* RECORDS PROVIDED *
________________________________________

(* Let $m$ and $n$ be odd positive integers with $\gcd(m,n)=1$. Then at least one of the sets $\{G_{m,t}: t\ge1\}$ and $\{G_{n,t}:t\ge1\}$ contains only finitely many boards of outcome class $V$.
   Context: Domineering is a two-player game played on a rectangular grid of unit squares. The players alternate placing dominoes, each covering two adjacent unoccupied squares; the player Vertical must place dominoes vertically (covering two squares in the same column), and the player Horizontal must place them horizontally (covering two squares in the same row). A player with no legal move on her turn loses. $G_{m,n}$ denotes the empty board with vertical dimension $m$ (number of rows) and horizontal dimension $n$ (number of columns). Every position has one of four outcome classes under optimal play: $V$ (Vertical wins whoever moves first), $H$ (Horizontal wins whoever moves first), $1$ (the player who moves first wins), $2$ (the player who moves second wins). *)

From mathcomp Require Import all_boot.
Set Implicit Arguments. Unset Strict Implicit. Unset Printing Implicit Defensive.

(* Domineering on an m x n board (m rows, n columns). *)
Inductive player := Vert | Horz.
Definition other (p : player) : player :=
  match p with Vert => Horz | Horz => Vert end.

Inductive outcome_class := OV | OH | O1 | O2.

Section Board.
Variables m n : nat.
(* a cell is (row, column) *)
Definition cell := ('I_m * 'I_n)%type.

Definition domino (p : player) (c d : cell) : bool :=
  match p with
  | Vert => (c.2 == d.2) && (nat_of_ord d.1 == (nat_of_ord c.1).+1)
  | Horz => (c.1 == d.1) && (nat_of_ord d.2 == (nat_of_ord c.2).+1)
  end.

________________________________________

* TASK DESCRIPTION *
Throughout the material above, find every line holding "match" and copy it.

* ANSWER TO THE PROBLEM *
  match p with Vert => Horz | Horz => Vert end.
  match p with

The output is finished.